Supported Coding Agents

Works with multiple coding agents (Claude Code, Aider, Cursor). Each reads AGENTS.md as primary context, gaining the knowledge and principles to work as an autonomous researcher.

Architecture

┌─────────────────────────────────────────────────────────────┐
│                     Coding Agent                            │
│    Claude Code │ Aider │ OpenAI Codex │ Cursor              │
│     (AGENTS.md defines researcher behavior and methodology) │
└─────────────────────────────────────────────────────────────┘
                              │
                              ▼
┌─────────────────────────────────────────────────────────────┐
│                        Skills                               │
│  ┌──────────┐ ┌──────────┐ ┌──────────┐ ┌──────────┐       │
│  │ LAMMPS   │ │ QE/DFT   │ │ VAST.ai  │ │ MLIP     │       │
│  │ Sim      │ │ Calc     │ │ Cloud    │ │ Potentials│      │
│  └──────────┘ └──────────┘ └──────────┘ └──────────┘       │
│  ┌──────────┐ ┌──────────┐ ┌──────────┐ ┌──────────┐       │
│  │Literature│ │Materials │ │ Data     │ │ Resource │       │
│  │ Search   │ │ Database │ │ Analysis │ │ Acquire  │       │
│  └──────────┘ └──────────┘ └──────────┘ └──────────┘       │
└─────────────────────────────────────────────────────────────┘
                              │
                              ▼
┌─────────────────────────────────────────────────────────────┐
│                    External Tools                           │
│  LAMMPS │ Quantum ESPRESSO │ MACE/CHGNet │ VAST.ai │ Web   │
└─────────────────────────────────────────────────────────────┘

Supported Agents

Agent	Status	Configuration
Claude Code	Full Support	`AGENTS.md`, `.claude/`
Aider	Full Support	`AGENTS.md`, `configs/aider/`
OpenAI Codex	Planned	`AGENTS.md`
Cursor	Full Support	`AGENTS.md`, `.cursorrules`

All agents read AGENTS.md (the industry standard) as their primary context file.

Quick Start

Prerequisites

A supported coding agent:
- Claude Code CLI with subscription, OR
- Aider with API key, OR
- Cursor
Python 3.10+
LAMMPS (with GPU support recommended)
Quantum ESPRESSO (optional, for DFT)
Materials Project API key

Installation

Clone the repository:

git clone https://github.com/yourusername/agentic-science-worker.git
cd agentic-science-worker

Copy and configure settings:

cp config.example.yaml config.yaml
cp .claude/settings.json.example .claude/settings.json
cp .mcp.json.example .mcp.json

Edit configuration files with your paths and API keys:

# config.yaml
binaries:
  lammps: "/path/to/your/lammps/bin/lmp"
  qe_cpu: "/path/to/qe/bin"

api_keys:
  materials_project: "YOUR_MP_API_KEY"

Verify infrastructure:

cd benchmarks/evaluation
python harness.py --verify

Running the Agent

With Claude Code:

cd /path/to/agentic-science-worker
claude

With Aider:

cd /path/to/agentic-science-worker
aider --read AGENTS.md

With Cursor:

cursor .
# Uses AGENTS.md and .cursorrules automatically

Example prompts (any agent):

Calculate the self-diffusion coefficient of liquid argon at 94K
Find the lattice constant of copper using the Mishin EAM potential
Calculate the band structure of silicon

Benchmark Suite

The project includes a comprehensive benchmark suite to evaluate agent capabilities:

Current Results (81/86 passing, 100% pass rate)

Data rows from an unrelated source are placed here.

(* Let $M$ be a smooth manifold with a symmetric affine connection $\nabla$, Riemann tensor $R_{abc}{}^d$ and Ricci tensor $R_{ab}$. Then $$\nabla_a\nabla_m R_{bce}{}^m + \nabla_{b}\nabla_m R_{cae}{}^m+\nabla_c\nabla_m R_{abe}{}^m = R_{am}R_{bce}{}^m + R_{bm}R_{cae}{}^m + R_{cm}R_{abe}{}^m .$$
   Context: Abstract index notation with Einstein summation. The connection has symmetric Christoffel symbols $\Gamma^c_{ab}$; $R_{abc}{}^d = \partial_a \Gamma_{bc}^d - \partial_b\Gamma_{ac}^d - \Gamma_{ac}^k\Gamma_{bk}^d + \Gamma_{ak}^d \Gamma_{bc}^k$ and $R_{ac}=R_{abc}{}^b$. *)

From HB Require Import structures.
From mathcomp Require Import all_boot all_order all_algebra.
Set Implicit Arguments. Unset Strict Implicit. Unset Printing Implicit Defensive.
Import GRing.Theory.
Local Open Scope ring_scope.

(* A: the commutative ring of (smooth) scalar functions on a chart,
   d i = partial derivative d_i in coordinate i (i : 'I_n),
   Gam c a b = Christoffel symbol Gamma^c_{ab}. *)

Definition is_derivation (A : comRingType) (D : A -> A) : Prop :=
  (forall x y, D (x + y) = D x + D y) /\ (forall x y, D (x * y) = D x * y + x * D y).

Definition commuting_derivations (A : comRingType) (n : nat) (d : 'I_n -> A -> A) : Prop :=
  (forall i, is_derivation (d i)) /\ (forall i j x, d i (d j x) = d j (d i x)).

Definition symmetric_connection (A : comRingType) (n : nat) (Gam : 'I_n -> 'I_n -> 'I_n -> A) : Prop :=
  forall c a b, Gam c a b = Gam c b a.

(* Riem a b c e = R_{abc}^e
   = d_a Gam^e_{bc} - d_b Gam^e_{ac} - Gam^k_{ac} Gam^e_{bk} + Gam^e_{ak} Gam^k_{bc} *)
Definition Riem (A : comRingType) (n : nat) (d : 'I_n -> A -> A)
  (Gam : 'I_n -> 'I_n -> 'I_n -> A) (a b c e : 'I_n) : A :=
  d a (Gam e b c) - d b (Gam e a c)
  - \sum_(k < n) Gam k a c * Gam e b k + \sum_(k < n) Gam e a k * Gam k b c.

Definition Ricci (A : comRingType) (n : nat) (d : 'I_n -> A -> A)
  (Gam : 'I_n -> 'I_n -> 'I_n -> A) (a c : 'I_n) : A :=
  \sum_(b < n) Riem d Gam a b c b.

Definition cov03 (A : comRingType) (n : nat) (d : 'I_n -> A -> A)
  (Gam : 'I_n -> 'I_n -> 'I_n -> A) (T : 'I_n -> 'I_n -> 'I_n -> A)
  (a b c e : 'I_n) : A :=
  d a (T b c e)
  - \sum_(k < n) Gam k a b * T k c e
  - \sum_(k < n) Gam k a c * T b k e
  - \sum_(k < n) Gam k a e * T b c k.

Definition cov31 (A : comRingType) (n : nat) (d : 'I_n -> A -> A)
  (Gam : 'I_n -> 'I_n -> 'I_n -> A) (T : 'I_n -> 'I_n -> 'I_n -> 'I_n -> A)
  (a b c e f : 'I_n) : A :=
  d a (T b c e f)
  - \sum_(k < n) Gam k a b * T k c e f
  - \sum_(k < n) Gam k a c * T b k e f
  - \sum_(k < n) Gam k a e * T b c k f
  + \sum_(k < n) Gam f a k * T b c e k.

Definition divRiem (A : comRingType) (n : nat) (d : 'I_n -> A -> A)
  (Gam : 'I_n -> 'I_n -> 'I_n -> A) (b c e : 'I_n) : A :=
  \sum_(m < n) cov31 d Gam (Riem d Gam) m b c e m.

(* The
   proof only uses the tensor calculus of the connection:
   1. algebraic symmetries of R_{abc}^d: antisymmetry in a b and the first
      Bianchi identity;
   2. the Ricci identities [nabla_a, nabla_b] w_e = -R_{abe}^m w_m for
      covectors and its analogue for (0,2)-tensors; summed cyclically over
      a b c, the (0,2) identity collapses by the first Bianchi identity to
      a single curvature-times-tensor term (lemma [hess02_cyclic]);
   3. the second Bianchi identity, obtained by contracting nabla R with an
      arbitrary covector w, using the Ricci identity to trade R_{bce}^m w_m
      for a commutator of second derivatives of w, and then 2. for nabla w;
   4. its contraction nabla_m R_{bce}^m = nabla_c R_{be} - nabla_b R_{ce}.
   The theorem follows by applying 4. and then 2. to the Ricci tensor. *)
From mathcomp Require Import all_boot all_order all_algebra.
From mathcomp Require Import ring.
Set Implicit Arguments. Unset Strict Implicit. Unset Printing Implicit Defensive.
Import GRing.Theory.
Local Open Scope ring_scope.

Section Derivation.
Variables (A : comRingType) (D : A -> A).
Hypothesis hD : is_derivation D.

Lemma derivationD x y : D (x + y) = D x + D y. Proof. exact: hD.1. Qed.
Lemma derivationM x y : D (x * y) = D x * y + x * D y. Proof. exact: hD.2. Qed.

Lemma derivation0 : D 0 = 0.
Proof. by apply: (addrI (D 0)); rewrite -derivationD !addr0. Qed.

Lemma derivationN x : D (- x) = - D x.
Proof. by apply: (addrI (D x)); rewrite -derivationD !subrr derivation0. Qed.

Lemma derivationB x y : D (x - y) = D x - D y.
Proof. by rewrite derivationD derivationN. Qed.

Lemma derivation_sum (I : Type) (r : seq I) (P : pred I) (F : I -> A) :
  D (\sum_(i <- r | P i) F i) = \sum_(i <- r | P i) D (F i).
Proof. exact: (big_morph D derivationD derivation0). Qed.
End Derivation.

Lemma solve_sub (R : comRingType) (x y z : R) : x - y = z -> x = z + y.
Proof. by move<-; ring. Qed.

Lemma solve_sum3 (R : comRingType) (x y z : R) : x + y + z = 0 -> x = - y - z.
Proof. by move=> h; transitivity (x + y + z - y - z); [ring | rewrite h; ring]. Qed.

Lemma regroup3 (R : comRingType) (x1 x2 x3 y1 y2 y3 : R) :
  (x1 - y1) + (x2 - y2) + (x3 - y3) = (x1 + x2 + x3) - (y1 + y2 + y3).
Proof. ring. Qed.

Section Connection.
Variables (A : comRingType) (n : nat).
Variable d : 'I_n -> A -> A.
Variable Gam : 'I_n -> 'I_n -> 'I_n -> A.
Hypothesis hd : commuting_derivations d.
Hypothesis hsym : symmetric_connection Gam.

Notation R := (Riem d Gam).
Notation Ric := (Ricci d Gam).

Lemma d_derivation i : is_derivation (d i). Proof. by case: hd. Qed.

Lemma dM i (x y : A) : d i (x * y) = d i x * y + x * d i y. Proof. exact: (derivationM (d_derivation i)). Qed.
Lemma dN i (x : A) : d i (- x) = - d i x. Proof. exact: (derivationN (d_derivation i)). Qed.
Lemma dB i (x y : A) : d i (x - y) = d i x - d i y. Proof. exact: (derivationB (d_derivation i)). Qed.
Lemma dS i (F : 'I_n -> A) : d i (\sum_(k < n) F k) = \sum_(k < n) d i (F k).
Proof. exact: (derivation_sum (d_derivation i)). Qed.
Lemma dC i j (x : A) : d i (d j x) = d j (d i x). Proof. by case: hd. Qed.

Definition cov01 (w : 'I_n -> A) (a c : 'I_n) : A :=
  d a (w c) - \sum_(k < n) Gam k a c * w k.
Definition cov02 (U : 'I_n -> 'I_n -> A) (a b c : 'I_n) : A :=
  d a (U b c) - \sum_(k < n) Gam k a b * U k c - \sum_(k < n) Gam k a c * U b k.

Notation nabla2 U := (cov03 d Gam (cov02 U)).

Lemma cov03_ext (T1 T2 : 'I_n -> 'I_n -> 'I_n -> A) a b c e :
  (forall x y z, T1 x y z = T2 x y z) ->
  cov03 d Gam T1 a b c e = cov03 d Gam T2 a b c e.
Proof.
move=> eqT; rewrite /cov03 eqT.
by congr (_ - _ - _ - _); apply: eq_bigr => k _; rewrite eqT.
Qed.

Lemma cov03B (T1 T2 : 'I_n -> 'I_n -> 'I_n -> A) a b c e :
  cov03 d Gam (fun x y z => T1 x y z - T2 x y z) a b c e
  = cov03 d Gam T1 a b c e - cov03 d Gam T2 a b c e.
Proof.
have sumB (F G H : 'I_n -> A) :
    \sum_(k < n) F k * (G k - H k) = \sum_(k < n) F k * G k - \sum_(k < n) F k * H k.
  by rewrite -sumrB; apply: eq_bigr => k _; rewrite mulrBr.
rewrite /cov03 dB !sumB; ring.
Qed.

Lemma cov03_transpose (T : 'I_n -> 'I_n -> 'I_n -> A) a b c e :
  cov03 d Gam (fun x y z => T y x z) a b c e = cov03 d Gam T a c b e.
Proof. rewrite /cov03; ring. Qed.

Lemma cov03_contract (T : 'I_n -> 'I_n -> 'I_n -> 'I_n -> A) (w : 'I_n -> A) a b c e :
  cov03 d Gam (fun b c e => \sum_(k < n) T b c e k * w k) a b c e =
  \sum_(k < n) cov31 d Gam T a b c e k * w k + \sum_(k < n) T b c e k * cov01 w a k.
Proof.
have swap (F : 'I_n -> A) (G : 'I_n -> 'I_n -> A) :
    \sum_(k < n) F k * (\sum_(m < n) G k m * w m)
    = \sum_(k < n) \sum_(m < n) F m * G m k * w k.
  rewrite exchange_big /=; apply: eq_bigr => k _; rewrite mulr_sumr.
  by apply: eq_bigr => m _; rewrite mulrA.
have expand_cov31 : \sum_(k < n) cov31 d Gam T a b c e k * w k
    = \sum_(k < n) d a (T b c e k) * w k
    - \sum_(k < n) \sum_(m < n) Gam m a b * T m c e k * w k
    - \sum_(k < n) \sum_(m < n) Gam m a c * T b m e k * w k
    - \sum_(k < n) \sum_(m < n) Gam m a e * T b c m k * w k
    + \sum_(k < n) \sum_(m < n) Gam k a m * T b c e m * w k.
  rewrite -!sumrB -big_split /=; apply: eq_bigr => k _.
  by rewrite /cov31 !mulrDl !mulNr !mulr_suml.
have expand_cov01 : \sum_(k < n) T b c e k * cov01 w a k
    = \sum_(k < n) T b c e k * d a (w k)
    - \sum_(k < n) \sum_(m < n) Gam k a m * T b c e m * w k.
  rewrite exchange_big /= -sumrB; apply: eq_bigr => k _.
  rewrite /cov01 mulrBr mulr_sumr; congr (_ - _).
  by apply: eq_bigr => m _; ring.
have leibniz : \sum_(k < n) d a (T b c e k * w k)
    = \sum_(k < n) d a (T b c e k) * w k + \sum_(k < n) T b c e k * d a (w k).
  by rewrite -big_split; apply: eq_bigr => k _; rewrite dM.
rewrite /cov03 dS expand_cov31 expand_cov01 leibniz !swap; ring.
Qed.

Lemma Riem_antisym a b c e : R b a c e = - R a b c e.
Proof.
rewrite /Riem.
have -> : \sum_(k < n) Gam k b c * Gam e a k = \sum_(k < n) Gam e a k * Gam k b c
  by apply: eq_bigr => k _; rewrite mulrC.
have -> : \sum_(k < n) Gam e b k * Gam k a c = \sum_(k < n) Gam k a c * Gam e b k
  by apply: eq_bigr => k _; rewrite mulrC.
ring.
Qed.

(* First Bianchi identity; this is where the connection must be torsion-free. *)
Lemma Riem_cyclic a b c f : R a b c f + R b c a f + R c a b f = 0.
Proof.
rewrite /Riem.
have -> : \sum_(k < n) Gam f b k * Gam k c a = \sum_(k < n) Gam k a c * Gam f b k
  by apply: eq_bigr => k _; rewrite (hsym k c a) mulrC.
have -> : \sum_(k < n) Gam f c k * Gam k a b = \sum_(k < n) Gam k b a * Gam f c k
  by apply: eq_bigr => k _; rewrite (hsym k a b) mulrC.
have -> : \sum_(k < n) Gam f a k * Gam k b c = \sum_(k < n) Gam k c b * Gam f a k
  by apply: eq_bigr => k _; rewrite (hsym k b c) mulrC.
rewrite (hsym f c a) (hsym f b a) (hsym f c b); ring.
Qed.

Lemma Riem_contract a b c (V : 'I_n -> A) :
  \sum_(m < n) R a b c m * V m =
  \sum_(m < n) d a (Gam m b c) * V m - \sum_(m < n) d b (Gam m a c) * V m
  - \sum_(k < n) \sum_(m < n) Gam k a c * (Gam m b k * V m)
  + \sum_(k < n) \sum_(m < n) Gam k b c * (Gam m a k * V m).
Proof.
rewrite [\sum_(k < n) \sum_(m < n) Gam k a c * _]exchange_big.
rewrite [\sum_(k < n) \sum_(m < n) Gam k b c * _]exchange_big /=.
rewrite -!sumrB -big_split /=; apply: eq_bigr => m _.
rewrite /Riem !mulrDl !mulNr !mulr_suml.
have -> : \sum_(k < n) Gam k a c * Gam m b k * V m
    = \sum_(k < n) Gam k a c * (Gam m b k * V m)
  by apply: eq_bigr => k _; rewrite mulrA.
have -> : \sum_(k < n) Gam m a k * Gam k b c * V m
    = \sum_(k < n) Gam k b c * (Gam m a k * V m)
  by apply: eq_bigr => k _; ring.
ring.
Qed.

(* Ricci identity for a covector: the second covariant derivative splits into
   a part symmetric in b c and a remainder whose antisymmetrization is the
   curvature term. *)
Section RicciIdentityCovector.
Variables (w : 'I_n -> A) (e : 'I_n).

Let hess01_sym b c : A :=
  d b (d c (w e)) - \sum_(k < n) Gam k b c * cov01 w k e
  - \sum_(k < n) (Gam k c e * d b (w k) + Gam k b e * d c (w k)).
Let hess01_rest b c : A :=
  - \sum_(k < n) d b (Gam k c e) * w k
  + \sum_(k < n) \sum_(m < n) Gam k b e * (Gam m c k * w m).

Lemma hess01_split b c : cov02 (cov01 w) b c e = hess01_sym b c + hess01_rest b c.
Proof.
rewrite /cov02 {1}/cov01 dB dS /hess01_sym /hess01_rest.
have -> : \sum_(k < n) d b (Gam k c e * w k)
    = \sum_(k < n) d b (Gam k c e) * w k + \sum_(k < n) Gam k c e * d b (w k).
  by rewrite -big_split; apply: eq_bigr => k _; rewrite dM.
have -> : \sum_(k < n) Gam k b e * cov01 w c k
    = \sum_(k < n) Gam k b e * d c (w k)
    - \sum_(k < n) \sum_(m < n) Gam k b e * (Gam m c k * w m).
  by rewrite -sumrB; apply: eq_bigr => k _; rewrite /cov01 mulrBr mulr_sumr.
rewrite big_split /=; ring.
Qed.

Tier	Category	Benchmarks	Status
T1-T4	Foundation	21	100% ✅
T7	Research Campaigns	1/3	33% (2 need HPC)
T8	ML/MLIP	6/7	86% ✅
T9	Autonomous Research	3/5	60% (2 need DFT data)
T10	Frontier DFT	4/4	100% ✅ Novel discovery, XRD, phonon research
T13-T16	Quality & Cognition	43	100% ✅
T17	Cloud GPU (VAST.ai)	3/3	100% ✅ Scores: 97, 91, 92
T18	Data Analysis	2/2	100% ✅ Scores: 92, 92

T5-T6, T11 archived (HPC deferred). T12 blocked on Theorizer MCP.

Running Benchmarks

cd benchmarks/evaluation

# List available benchmarks
python harness.py --list

# List available agent backends
python harness.py --list-backends

# Run a single benchmark
python harness.py BENCH-T1-001

# Run with a specific backend
python harness.py BENCH-T1-001 --backend claude
python harness.py BENCH-T1-001 --backend aider  # when implemented

# Run all benchmarks in a tier
python harness.py --tier 1

# Run with HPC tiers
python harness.py --all --include-hpc

Benchmark Results

Results are saved to benchmarks/results/runs/ with:

result.json - Scores, grading details, agent output
benchmark.json - Original benchmark definition
agent_output.txt - Full agent transcript

Configuration

Environment Variables

Variable	Description
`LMP` / `LAMMPS_PATH`	Path to LAMMPS binary
`QE_CPU` / `QE_PATH`	Path to QE binaries directory
`QE_GPU`	Path to GPU-enabled QE (optional)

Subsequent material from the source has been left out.